Researchers found that P. falciparum reticulocyte binding protein-like homologue 4 (PfRh4) binds to complement receptor 1 (CR1 or CD35) to mediate entry of malaria parasites into human red blood cells2. CR1 (complement receptor 1) is composed of 28–30 structural modules (which are called complement control protein (CCP) domains) in the extracellular domain. The CR1 protein fragments in the study outlined here consisted of only two CCP domains and had molecular weights of around 14,000 Daltons. Initial mapping studies identified the first two to three N-terminal modules of CR1 (CCPs 1-2 or CCPs 1–3) as specific inhibitors of the PfRh4-CR1 invasion pathway2. Seven different mutant proteins were tested for their inhibitory potential via SPR. SPR was able to rank them in terms of affinity with three having the highest affinity for the intended target. The SPR results matched with the expected biological activity determined independently with other techniques2.

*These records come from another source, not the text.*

(* Let $Q$ be a quantale, $M$ a $Q$-module, $\mathcal{B}\in\operatorname{mF}(Q)$ binormal over $M$ and $\mathcal{F}\in\operatorname{mF}(Q)$ 1-step over $M$. Then $\mathcal{B}+\mathcal{F}$ is 1-step over $M$.
   Context: A quantale is a poset $Q$ with all nonempty joins $\sum$ (no bottom required), top $1$, commutative associative multiplication with unit $1$ distributing over nonempty joins; a $Q$-module is a poset $M$ with all nonempty joins and an associative unital action distributing over nonempty joins in each variable. An m-filter is a subset of $Q$ containing $1$, upward closed and closed under multiplication; $\mathcal{B}+\mathcal{F}$ is the smallest m-filter containing $\mathcal{B}\cup\mathcal{F}$. Write $x\le^*\sum_ix_i$ if $x\le\sum_{i\in I_0}x_i$ for some finite nonempty $I_0$. For $a,b\in M$: $a\preceq^1_\mathcal{F}b$ means there are families $(a_i)$ in $M$, $(s_i)$ in $\mathcal{F}$ with $a\le\sum a_i$ and $s_ia_i\le b$; $a\preceq^n_\mathcal{F}b$ means a chain of $n$ such steps; $a\preceq_\mathcal{F}b$ means $a\preceq^n_\mathcal{F}b$ for some $n\ge1$. $\mathcal{F}$ is localizable over $M$ if for each $b$ there is $n_b$ with $a\preceq_\mathcal{F}b\Rightarrow a\preceq^{n_b}_\mathcal{F}b$; 1-step over $M$ if localizable and $a\preceq_\mathcal{F}b\Rightarrow a\preceq^1_\mathcal{F}b$. $\mathcal{N}$ is normal over $M$ if for all $s\in\mathcal{N}$, $m\in M$, families $(m_i)$ with $sm\le\sum_im_i$, there exist families $(m'_j)$ in $M$, $(s_j)$ in $\mathcal{N}$ with $m\le\sum_jm'_j$ and $s_jm'_j\le^*\sum_im_i$. $\mathcal{C}$ is conormal over $M$ if for all $m,n\in M$ with $m\preceq^1_\mathcal{C}n$ there is $s\in\mathcal{C}$ with $sm\le n$. $\mathcal{B}$ is binormal over $M$ if it is both normal and conormal over $M$. *)

From Stdlib Require Import List.
Set Implicit Arguments.

(* A quantale: poset with all nonempty joins (given as a join operator on
   subsets, only constrained on nonempty subsets), top element 1 which is
   the unit of a commutative associative multiplication distributing over
   nonempty joins. *)
Record Quantale := {
  qcar :> Type;
  qle : qcar -> qcar -> Prop;
  qle_refl : forall x, qle x x;
  qle_antisym : forall x y, qle x y -> qle y x -> x = y;
  qle_trans : forall x y z, qle x y -> qle y z -> qle x z;
  qsup : (qcar -> Prop) -> qcar;
  qsup_ub : forall (S : qcar -> Prop) x, S x -> qle x (qsup S);
  qsup_least : forall (S : qcar -> Prop) y, (exists x, S x) ->
      (forall x, S x -> qle x y) -> qle (qsup S) y;
  qone : qcar;
  qone_top : forall x, qle x qone;
  qmul : qcar -> qcar -> qcar;
  qmul_comm : forall x y, qmul x y = qmul y x;
  qmul_assoc : forall x y z, qmul x (qmul y z) = qmul (qmul x y) z;
  qmul_1l : forall x, qmul qone x = x;
  qmul_sup : forall a (S : qcar -> Prop), (exists x, S x) ->
      qmul a (qsup S) = qsup (fun y => exists x, S x /\ y = qmul a x)
}.

Record QModule (Q : Quantale) := {
  mcar :> Type;
  mle : mcar -> mcar -> Prop;
  mle_refl : forall x, mle x x;
  mle_antisym : forall x y, mle x y -> mle y x -> x = y;
  mle_trans : forall x y z, mle x y -> mle y z -> mle x z;
  msup : (mcar -> Prop) -> mcar;
  msup_ub : forall (S : mcar -> Prop) x, S x -> mle x (msup S);
  msup_least : forall (S : mcar -> Prop) y, (exists x, S x) ->
      (forall x, S x -> mle x y) -> mle (msup S) y;
  act : qcar Q -> mcar -> mcar;
  act_assoc : forall s t m, act (qmul Q s t) m = act s (act t m);
  act_1 : forall m, act (qone Q) m = m;
  act_supl : forall (S : qcar Q -> Prop) m, (exists x, S x) ->
      act (qsup Q S) m = msup (fun y => exists s, S s /\ y = act s m);
  act_supr : forall s (T : mcar -> Prop), (exists x, T x) ->
      act s (msup T) = msup (fun y => exists t, T t /\ y = act s t)
}.

Section Defs.
Variable Q : Quantale.

Definition is_mfilter (F : Q -> Prop) : Prop :=
  F (qone Q) /\
  (forall x y, F x -> qle Q x y -> F y) /\
  (forall x y, F x -> F y -> F (qmul Q x y)).

Definition mfilter_sum (B F : Q -> Prop) : Q -> Prop :=
  fun x => forall G, is_mfilter G -> (forall y, B y \/ F y -> G y) -> G x.

Variable M : QModule Q.

Definition famsup (I : Type) (m : I -> M) : M :=
  msup M (fun y => exists i, m i = y).

Definition le_star (x : M) (I : Type) (m : I -> M) : Prop :=
  exists l : list I, l <> nil /\
    mle M x (msup M (fun y => exists i, In i l /\ m i = y)).

Definition prec1 (F : Q -> Prop) (a b : M) : Prop :=
  exists (I : Type) (ai : I -> M) (si : I -> Q),
    inhabited I /\ mle M a (famsup ai) /\
    (forall i, F (si i)) /\ (forall i, mle M (act M (si i) (ai i)) b).

Fixpoint precn (F : Q -> Prop) (n : nat) (a b : M) : Prop :=
  match n with
  | O => a = b
  | S k => exists c, prec1 F a c /\ precn F k c b
  end.

Definition prec (F : Q -> Prop) (a b : M) : Prop :=
  exists n, 1 <= n /\ precn F n a b.

Definition localizable (F : Q -> Prop) : Prop :=
  forall b : M, exists nb, 1 <= nb /\ forall a, prec F a b -> precn F nb a b.

Definition one_step (F : Q -> Prop) : Prop :=
  localizable F /\ forall a b, prec F a b -> prec1 F a b.

Definition normal (N : Q -> Prop) : Prop :=
  forall (s : Q) (m : M) (I : Type) (mi : I -> M),
    inhabited I -> N s -> mle M (act M s m) (famsup mi) ->
    exists (J : Type) (m' : J -> M) (sj : J -> Q),
      inhabited J /\ mle M m (famsup m') /\
      (forall j, N (sj j)) /\ (forall j, le_star (act M (sj j) (m' j)) mi).

Definition conormal (C : Q -> Prop) : Prop :=
  forall m n : M, prec1 C m n -> exists s, C s /\ mle M (act M s m) n.

Definition binormal (B : Q -> Prop) : Prop := normal B /\ conormal B.

End Defs.

(* Since B + F consists of the elements above some product b f, every
   (B+F)-step splits into an F-step followed by a B-step.  Normality and
   conormality of B let a B-step be pushed past an F-step, and conormal
   B-steps compose, so an n-chain of (B+F)-steps rearranges into n F-steps
   followed by a single B-step.  The F-chain collapses to one F-step because
   F is 1-step, and conormality merges the final B-step into it. *)

From Stdlib Require Import List ClassicalEpsilon.

Arguments is_mfilter {Q} F.
Arguments mfilter_sum {Q} B F _.

Section QuantaleFacts.
Variable Q : Quantale.

Lemma qsup_pair (x y : Q) : qle Q x y -> qsup Q (fun z => z = x \/ z = y) = y.
Proof.
  intros Hxy. apply qle_antisym.
  - apply qsup_least; [exists y; auto|].
    intros z [-> | ->]; [exact Hxy | apply qle_refl].
  - apply qsup_ub. auto.
Qed.

Lemma qmul_mono_r (x y z : Q) : qle Q y z -> qle Q (qmul Q x y) (qmul Q x z).
Proof.
  intros Hyz. rewrite <- (qsup_pair y z Hyz), qmul_sup by (exists z; auto).
  apply qsup_ub. exists y. auto.
Qed.

Lemma qmul_mono (x y z t : Q) :
  qle Q x y -> qle Q z t -> qle Q (qmul Q x z) (qmul Q y t).
Proof.
  intros Hxy Hzt. apply qle_trans with (qmul Q x t).
  - apply qmul_mono_r, Hzt.
  - rewrite (qmul_comm Q x), (qmul_comm Q y). apply qmul_mono_r, Hxy.
Qed.

Lemma qmul_le_l (x y : Q) : qle Q (qmul Q x y) x.
Proof.
  apply qle_trans with (qmul Q x (qone Q)); [apply qmul_mono_r, qone_top|].
  rewrite qmul_comm, qmul_1l. apply qle_refl.
Qed.

Lemma qmul_le_r (x y : Q) : qle Q (qmul Q x y) y.
Proof. rewrite qmul_comm. apply qmul_le_l. Qed.

Lemma mfilter_sum_iff (B F : Q -> Prop) x :
  is_mfilter B -> is_mfilter F ->
  mfilter_sum B F x <-> exists b f, B b /\ F f /\ qle Q (qmul Q b f) x.
Proof.
  intros [B1 [Bup Bmul]] [F1 [Fup Fmul]]. split.
  - intros Hx. apply Hx.
    + split; [|split].
      * exists (qone Q), (qone Q). repeat split; auto. apply qone_top.
      * intros u v [b [f [Hb [Hf Hu]]]] Huv.
        exists b, f. repeat split; auto. eapply qle_trans; eauto.
      * intros u v [b [f [Hb [Hf Hu]]]] [b' [f' [Hb' [Hf' Hv]]]].
        exists (qmul Q b b'), (qmul Q f f'). repeat split; auto.
        replace (qmul Q (qmul Q b b') (qmul Q f f'))
          with (qmul Q (qmul Q b f) (qmul Q b' f')) by
          (rewrite <- !qmul_assoc; f_equal; rewrite !qmul_assoc;
           f_equal; apply qmul_comm).
        apply qmul_mono; assumption.
    + intros y [Hy | Hy].
      * exists y, (qone Q). repeat split; auto. apply qmul_le_l.
      * exists (qone Q), y. repeat split; auto. apply qmul_le_r.
  - intros [b [f [Hb [Hf Hbf]]]] G [_ [Gup Gmul]] HBF.
    apply Gup with (qmul Q b f); auto.
Qed.

Fixpoint qprod {I : Type} (f : I -> Q) (l : list I) : Q :=
  match l with nil => qone Q | i :: l => qmul Q (f i) (qprod f l) end.

Lemma mfilter_qprod {I : Type} (F : Q -> Prop) (f : I -> Q) l :
  is_mfilter F -> (forall i, F (f i)) -> F (qprod f l).
Proof. intros [F1 [_ Fmul]] Hf. induction l; simpl; auto. Qed.

Lemma qprod_le {I : Type} (f : I -> Q) l i : In i l -> qle Q (qprod f l) (f i).
Proof.
  induction l as [|j l IH]; simpl; [tauto|]. intros [-> | Hi].
  - apply qmul_le_l.
  - eapply qle_trans; [apply qmul_le_r | auto].
Qed.

End QuantaleFacts.

Section ModuleFacts.
Context {Q : Quantale} (M : QModule Q).

Lemma msup_pair (m n : M) : mle M m n -> msup M (fun z => z = m \/ z = n) = n.
Proof.
  intros Hmn. apply mle_antisym.
  - apply msup_least; [exists n; auto|].
    intros z [-> | ->]; [exact Hmn | apply mle_refl].
  - apply msup_ub. auto.
Qed.

Lemma act_mono_r s (m n : M) : mle M m n -> mle M (act M s m) (act M s n).
Proof.
  intros Hmn. rewrite <- (msup_pair m n Hmn), act_supr by (exists n; auto).
  apply msup_ub. exists m. auto.
Qed.

Lemma act_mono_l s t (m : M) : qle Q s t -> mle M (act M s m) (act M t m).
Proof.
  intros Hst. rewrite <- (qsup_pair Q s t Hst), act_supl by (exists t; auto).
  apply msup_ub. exists s. auto.
Qed.

Lemma le_famsup {I : Type} (m : I -> M) i : mle M (m i) (famsup M m).
Proof. apply msup_ub. exists i. reflexivity. Qed.

(* The product of the f i lies below each f i, so it acts uniformly on the finite join. *)
Lemma act_qprod_le_finite_join I (f : I -> Q) (c : I -> M) (l : list I) m d :
  l <> nil -> (forall i, mle M (act M (f i) (c i)) d) ->
  mle M m (msup M (fun z => exists i, In i l /\ c i = z)) ->
  mle M (act M (qprod Q f l) m) d.
Proof.
  intros Hl Hfc Hm.
  assert (Hne : exists z, exists i, In i l /\ c i = z).
  { destruct l as [|i l]; [congruence|]. exists (c i), i. simpl. auto. }
  eapply mle_trans; [apply act_mono_r, Hm|].
  rewrite act_supr by exact Hne.
  apply msup_least.
  - destruct Hne as [z Hz]. exists (act M (qprod Q f l) z), z. auto.
  - intros w [t [[i [Hi <-]] ->]].
    eapply mle_trans; [apply act_mono_l, qprod_le, Hi | apply Hfc].
Qed.

Lemma prec1_refl (F : Q -> Prop) a : is_mfilter F -> prec1 M F a a.
Proof.
  intros [F1 _]. exists unit, (fun _ => a), (fun _ => qone Q).
  split; [exact (inhabits tt) | repeat split; auto].
  - exact (le_famsup (fun _ : unit => a) tt).
  - intros _. rewrite act_1. apply mle_refl.
Qed.

Lemma prec1_act_le (F G : Q -> Prop) s a c b :
  (forall f, F f -> G (qmul Q s f)) ->
  prec1 M F a c -> mle M (act M s c) b -> prec1 M G a b.
Proof.
  intros HFG [I [ai [si [inh [Ha [Hsi Hle]]]]]] Hc.
  exists I, ai, (fun i => qmul Q s (si i)). split; [exact inh | repeat split; auto].
  intros i. rewrite act_assoc. eapply mle_trans; [apply act_mono_r, Hle | exact Hc].
Qed.

Lemma prec1_trans (C : Q -> Prop) a c b :
  is_mfilter C -> conormal M C -> prec1 M C a c -> prec1 M C c b -> prec1 M C a b.
Proof.
  intros [_ [_ Cmul]] HC Hac Hcb. destruct (HC _ _ Hcb) as [s [Cs Hs]].
  apply prec1_act_le with C s c; auto.
Qed.

Lemma prec1_sum_of_steps (B F : Q -> Prop) a c b :
  is_mfilter B -> is_mfilter F -> conormal M B ->
  prec1 M F a c -> prec1 M B c b -> prec1 M (mfilter_sum B F) a b.
Proof.
  intros HB HF HBc Hac Hcb. destruct (HBc _ _ Hcb) as [s [Bs Hs]].
  apply prec1_act_le with F s c; auto.
  intros f Hf. apply mfilter_sum_iff; auto. exists s, f. repeat split; auto.
  apply qle_refl.
Qed.

Lemma prec1_factor (F B : Q -> Prop) J (m : J -> M) (f s : J -> Q) a b :
  inhabited J -> mle M a (famsup M m) ->
  (forall j, F (f j)) -> (forall j, B (s j)) ->
  (forall j, mle M (act M (s j) (act M (f j) (m j))) b) ->
  exists e, prec1 M F a e /\ prec1 M B e b.
Proof.
  intros inh Ha Hf Hs Hle. exists (famsup M (fun j => act M (f j) (m j))). split.
  - exists J, m, f. split; [exact inh | repeat split; auto].
    intros j. exact (le_famsup (fun j => act M (f j) (m j)) j).
  - exists J, (fun j => act M (f j) (m j)), s. split; [exact inh | repeat split; auto].
    apply mle_refl.
Qed.

Lemma prec1_sum_split (B F : Q -> Prop) a b :
  is_mfilter B -> is_mfilter F ->
  prec1 M (mfilter_sum B F) a b -> exists c, prec1 M F a c /\ prec1 M B c b.
Proof.
  intros HB HF [I [ai [si [inh [Ha [Hsi Hle]]]]]].
  destruct (choice (fun i (p : Q * Q) =>
              B (fst p) /\ F (snd p) /\ qle Q (qmul Q (fst p) (snd p)) (si i)))
    as [p Hp].
  { intros i. destruct (proj1 (mfilter_sum_iff Q B F _ HB HF) (Hsi i))
      as [b0 [f0 H]]. exists (b0, f0). exact H. }
  apply prec1_factor with I ai (fun i => snd (p i)) (fun i => fst (p i));
    try (intros i; apply Hp); auto.
  intros i. rewrite <- act_assoc.
  eapply mle_trans; [apply act_mono_l, Hp | apply Hle].
Qed.

Lemma prec1_swap (B F : Q -> Prop) y x d :
  is_mfilter F -> binormal M B ->
  prec1 M B y x -> prec1 M F x d -> exists e, prec1 M F y e /\ prec1 M B e d.
Proof.
  intros HF [HBn HBc] Hyx [I [ci [fi [inh [Hx [Hfi Hle]]]]]].
  destruct (HBc _ _ Hyx) as [s [Bs Hs]].
  destruct (HBn s y I ci inh Bs (mle_trans _ _ _ _ Hs Hx))
    as [J [m [sj [inhJ [Hy [Hsj Hstar]]]]]].
  destruct (choice (fun j l => l <> nil /\
              mle M (act M (sj j) (m j))
                (msup M (fun z => exists i, In i l /\ ci i = z))))
    as [l Hl]; [exact Hstar|].
  apply prec1_factor with J m (fun j => qprod Q fi (l j)) sj; auto.
  - intros j. apply mfilter_qprod; auto.
  - intros j. rewrite <- act_assoc, qmul_comm, act_assoc.
    apply act_qprod_le_finite_join with ci; apply Hl || apply Hle.
Qed.

Lemma precn_swap (B F : Q -> Prop) n y x c :
  is_mfilter F -> binormal M B ->
  prec1 M B y x -> precn M F n x c -> exists z, precn M F n y z /\ prec1 M B z c.
Proof.
  intros HF HB. revert y x. induction n as [|n IH]; intros y x Hyx Hxc; simpl in *.
  - subst. exists y. auto.
  - destruct Hxc as [x1 [Hxx1 Hx1c]].
    destruct (prec1_swap B F y x x1 HF HB Hyx Hxx1) as [w [Hyw Hwx1]].
    destruct (IH w x1 Hwx1 Hx1c) as [z [Hwz Hzc]].
    exists z. split; [exists w|]; auto.
Qed.

Lemma precn_sum_factor (B F : Q -> Prop) n a b :
  is_mfilter B -> is_mfilter F -> binormal M B ->
  precn M (mfilter_sum B F) n a b -> exists c, precn M F n a c /\ prec1 M B c b.
Proof.
  intros HB HF HBn. revert a. induction n as [|n IH]; intros a Hab; simpl in *.
  - subst. exists b. split; auto. apply prec1_refl, HB.
  - destruct Hab as [x [Hax Hxb]].
    destruct (IH x Hxb) as [c [Hxc Hcb]].
    destruct (prec1_sum_split B F a x HB HF Hax) as [y [Hay Hyx]].
    destruct (precn_swap B F n y x c HF HBn Hyx Hxc) as [z [Hyz Hzc]].
    exists z. split; [exists y; auto|].
    apply prec1_trans with c; auto. apply HBn.
Qed.

Lemma one_step_of_prec1 (G : Q -> Prop) :
  (forall a b, prec M G a b -> prec1 M G a b) -> one_step M G.
Proof.
  intros HG. split; auto.
  intros b. exists 1. split; auto.
  intros a Hab. exists b. split; [apply HG, Hab | reflexivity].
Qed.

End ModuleFacts.

Theorem mainTheorem14 (Q : Quantale) (M : QModule Q) (B F : Q -> Prop) :
  @is_mfilter Q B -> @is_mfilter Q F ->
  @binormal Q M B -> @one_step Q M F ->
  @one_step Q M (@mfilter_sum Q B F).
Proof.
  intros HB HF HBn [_ HF1]. apply one_step_of_prec1.
  intros a b [n [Hn Hab]].
  destruct (precn_sum_factor M B F n a b HB HF HBn Hab) as [c [Hac Hcb]].
  apply prec1_sum_of_steps with c; auto.
  - apply HBn.
  - apply HF1. exists n. auto.
Qed.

Binding affinities for a series of protein fragments to PfRh4 were determined. An example of responses from one of the higher affinity fragments is show here (CR1 CCP 1-2). Data is fit to a 1:1 binding model with mass transport model:
The following concentrations of the CR1 CCP1-2 inhibitor were injected over immobilized PfRh4: 5, 10, 20, 40 and 80 nM. Tracedrawer (Ridgeview Instruments AG) was used to fit the data. The calculated ka is 2.10 e6 M-1 s-1, the kd is 1.26 e-2 s-1, and the equilibrium dissociation constant KD is 6.01 nM.